Section RowSpaceProjection.
Variables (R : realFieldType) (m n : nat).
Implicit Types (X : 'M[R]_(m, n)) (u : 'cV[R]_n).

Definition rpinvmx X : 'M[R]_(n, m) := X^T *m invmx (X *m X^T).
Definition rowproj X : 'M[R]_n := rpinvmx X *m X.

Lemma row_free_gram_unit X : row_free X -> X *m X^T \in unitmx.
Proof.
move=> Xfree; rewrite -row_free_unit; apply/inj_row_free => v vG0.
have : sqnorm (X^T *m v^T) = 0.
  by rewrite /sqnorm vdot_mulmxl trmxK mulmxA /vdot trmxK mulmxA vG0 mul0mx mxE.
move/sqnorm_eq0/(congr1 trmx); rewrite trmx_mul !trmxK trmx0 => vX0.
by apply: (row_free_inj Xfree); rewrite vX0 mul0mx.
Qed.

Lemma rpinvmx_sub X (v : 'cV[R]_m) : ((rpinvmx X *m v)^T <= X)%MS.
Proof. by rewrite /rpinvmx -mulmxA trmx_mul trmxK submxMl. Qed.

Section RowFree.
Variables (X : 'M[R]_(m, n)) (Xfree : row_free X).
Let XXt_unit := row_free_gram_unit Xfree.

Lemma mulmx_rpinv : X *m rpinvmx X = 1%:M.
Proof. by rewrite /rpinvmx mulmxA mulmxV. Qed.

Lemma mulmx_rowproj : X *m rowproj X = X.
Proof. by rewrite /rowproj mulmxA mulmx_rpinv mul1mx. Qed.

Lemma rowproj_trmx : rowproj X *m X^T = X^T.
Proof. by rewrite /rowproj /rpinvmx -!mulmxA mulVmx ?mulmx1. Qed.

Lemma trmx_rowproj : (rowproj X)^T = rowproj X.
Proof. by rewrite /rowproj /rpinvmx !trmx_mul trmx_inv trmx_mul !trmxK mulmxA. Qed.

Lemma rowproj_idem : rowproj X *m rowproj X = rowproj X.
Proof. by rewrite {1}/rowproj -mulmxA mulmx_rowproj. Qed.

Lemma vdot_rowproj u : vdot u (rowproj X *m u) = sqnorm (rowproj X *m u).
Proof. by rewrite /sqnorm vdot_mulmxl trmx_rowproj mulmxA rowproj_idem. Qed.

Lemma rowproj_id u : (u^T <= X)%MS -> rowproj X *m u = u.
Proof.
case/submxP=> v /(congr1 trmx); rewrite trmxK trmx_mul => ->.
by rewrite mulmxA rowproj_trmx.
Qed.

End RowFree.
End RowSpaceProjection.

Section BlockRows.
Variable F : fieldType.

Lemma row_free_rowsub m m' n (f : 'I_m' -> 'I_m) (A : 'M[F]_(m, n)) :
  injective f -> row_free A -> row_free (rowsub f A).
Proof.
move=> finj Afree; apply/inj_row_free => v.
rewrite rowsubE mulmxA -(mul0mx _ A) => /(row_free_inj Afree) v0.
apply/matrixP => i j; have := congr1 (fun (B : 'M[F]_(1, m)) => B i (f j)) v0.
rewrite !mxE (bigD1 j) //= big1 => [|k kj]; rewrite !mxE ?eqxx ?mulr1 ?addr0 //.
by rewrite (inj_eq finj) (negbTE kj) mulr0.
Qed.

Variables (p n : nat) (p_ : 'I_p -> nat) (B_ : forall i, 'M[F]_(p_ i, n)).

Lemma row_free_mxcol_block i : row_free (\mxcol_j B_ j) -> row_free (B_ i).
Proof.
have Rank_inj : injective (@tagnat.Rank _ p_ i).
  by move=> k l /(congr1 val)/eqP; rewrite tagnat.eq_Rank eqxx => /eqP/val_inj.
by move/(row_free_rowsub Rank_inj); rewrite -[rowsub _ _]/(submxcol _ i) mxcolK.
Qed.

Lemma mxcol_block_sub i : (B_ i <= \mxcol_j B_ j)%MS.
Proof. by rewrite -{1}(mxcolK B_ i); exact: rowsub_sub. Qed.

End BlockRows.

Section GradientDescent.
Variables (R : realType) (N d : nat) (eta : R) (X : 'M[R]_(N, d)) (y : 'cV[R]_N).
Local Notation c := (eta / N%:R).

Lemma gd_stepE v : gd_step eta X y v = v + c *: (X^T *m (y - X *m v)).
Proof. by rewrite /gd_step /lsq_grad scaleNr scalerN opprK scalerA. Qed.

Lemma gd_step_affine v :
  gd_step eta X y v = (1%:M - c *: (X^T *m X)) *m v + c *: (X^T *m y).
Proof.
rewrite gd_stepE mulmxBl mul1mx mulmxBr scalerBr -scalemxAl mulmxA.
by rewrite addrA addrAC.
Qed.

Lemma gd_step_fixed_solve l :
  (0 < N)%N -> eta != 0 -> row_free X -> gd_step eta X y l = l -> X *m l = y.
Proof.
move=> N0 eta0 /row_free_gram_unit XXt_unit.
rewrite gd_stepE => /eqP; rewrite -subr_eq0 addrC addKr.
rewrite scaler_eq0 mulf_eq0 invr_eq0 pnatr_eq0 (negbTE eta0) (gtn_eqF N0) /= => /eqP res0.
have : invmx (X *m X^T) *m X *m (X^T *m (y - X *m l)) = y - X *m l.
  by rewrite mulmxA -(mulmxA (invmx _)) mulVmx // mul1mx.
by rewrite res0 mulmx0 => /esym/eqP; rewrite subr_eq0 => /eqP.
Qed.

Lemma rowproj_compl_gd_seq w t :
  row_free X ->
  (1%:M - rowproj X) *m gd_seq eta X y w t = (1%:M - rowproj X) *m w.
Proof.
move=> Xfree; have compl_Xt : (1%:M - rowproj X) *m X^T = 0.
  by rewrite mulmxBl mul1mx rowproj_trmx // subrr.
elim: t => // t IH.
rewrite /gd_seq iterS -/(gd_seq eta X y w t) gd_stepE mulmxDr IH -scalemxAr.
by rewrite mulmxA compl_Xt mul0mx scaler0 addr0.
Qed.

Lemma gd_seq_limit w l :
  (0 < N)%N -> eta != 0 -> row_free X -> cV_cvg_to (gd_seq eta X y w) l ->
  l = w + rpinvmx X *m (y - X *m w).
Proof.
move=> N0 eta0 Xfree wl.
have Xl : X *m l = y.
  exact/(gd_step_fixed_solve N0 eta0 Xfree)/(cV_cvg_to_iter_affine gd_step_affine wl).
have compl : (1%:M - rowproj X) *m l = (1%:M - rowproj X) *m w.
  apply: (cV_cvg_to_unique (cV_cvg_to_mul (A := 1%:M - rowproj X) wl)) => j.
  under eq_cvg do rewrite rowproj_compl_gd_seq //.
  exact: cvg_cst.
have -> : l = (1%:M - rowproj X) *m l + rowproj X *m l by rewrite mulmxBl mul1mx subrK.
rewrite compl /rowproj -mulmxA Xl mulmxBl mul1mx mulmxBr mulmxA.
by rewrite addrA [LHS]addrAC.
Qed.

End GradientDescent.

Section LocalGDAnalysis.
Variables (R : realType) (M N d : nat) (eta : R).
Variables (X : 'I_M -> 'M[R]_(N, d)) (y : 'I_M -> 'cV[R]_N).
Hypotheses (M0 : (0 < M)%N) (N0 : (0 < N)%N) (eta0 : eta != 0).
Hypothesis Xfree : forall i, row_free (X i).
Hypothesis gd_cvg : forall i w, exists l, cV_cvg_to (gd_seq eta (X i) (y i) w) l.

Lemma local_gdS k :
  local_gd eta X y k.+1 = M%:R^-1 *:
    \sum_i (local_gd eta X y k + rpinvmx (X i) *m (y i - X i *m local_gd eta X y k)).
Proof.
congr (_ *: _); apply: eq_bigr => i _.
have [l wl] := gd_cvg i (local_gd eta X y k).
by rewrite (cV_limE wl) -(gd_seq_limit N0 eta0 (Xfree i) wl).
Qed.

....................

--- TASK INSTRUCTIONS ---
Your reply must contain exactly the lines from the first line of the data through the line holding "Lemma vdot_rowproj u", and nothing more.

--- RESULT OF THE EXERCISE ---
Section RowSpaceProjection.
Variables (R : realFieldType) (m n : nat).
Implicit Types (X : 'M[R]_(m, n)) (u : 'cV[R]_n).

Definition rpinvmx X : 'M[R]_(n, m) := X^T *m invmx (X *m X^T).
Definition rowproj X : 'M[R]_n := rpinvmx X *m X.

Lemma row_free_gram_unit X : row_free X -> X *m X^T \in unitmx.
Proof.
move=> Xfree; rewrite -row_free_unit; apply/inj_row_free => v vG0.
have : sqnorm (X^T *m v^T) = 0.
  by rewrite /sqnorm vdot_mulmxl trmxK mulmxA /vdot trmxK mulmxA vG0 mul0mx mxE.
move/sqnorm_eq0/(congr1 trmx); rewrite trmx_mul !trmxK trmx0 => vX0.
by apply: (row_free_inj Xfree); rewrite vX0 mul0mx.
Qed.

Lemma rpinvmx_sub X (v : 'cV[R]_m) : ((rpinvmx X *m v)^T <= X)%MS.
Proof. by rewrite /rpinvmx -mulmxA trmx_mul trmxK submxMl. Qed.

Section RowFree.
Variables (X : 'M[R]_(m, n)) (Xfree : row_free X).
Let XXt_unit := row_free_gram_unit Xfree.

Lemma mulmx_rpinv : X *m rpinvmx X = 1%:M.
Proof. by rewrite /rpinvmx mulmxA mulmxV. Qed.

Lemma mulmx_rowproj : X *m rowproj X = X.
Proof. by rewrite /rowproj mulmxA mulmx_rpinv mul1mx. Qed.

Lemma rowproj_trmx : rowproj X *m X^T = X^T.
Proof. by rewrite /rowproj /rpinvmx -!mulmxA mulVmx ?mulmx1. Qed.

Lemma trmx_rowproj : (rowproj X)^T = rowproj X.
Proof. by rewrite /rowproj /rpinvmx !trmx_mul trmx_inv trmx_mul !trmxK mulmxA. Qed.

Lemma rowproj_idem : rowproj X *m rowproj X = rowproj X.
Proof. by rewrite {1}/rowproj -mulmxA mulmx_rowproj. Qed.

Lemma vdot_rowproj u : vdot u (rowproj X *m u) = sqnorm (rowproj X *m u).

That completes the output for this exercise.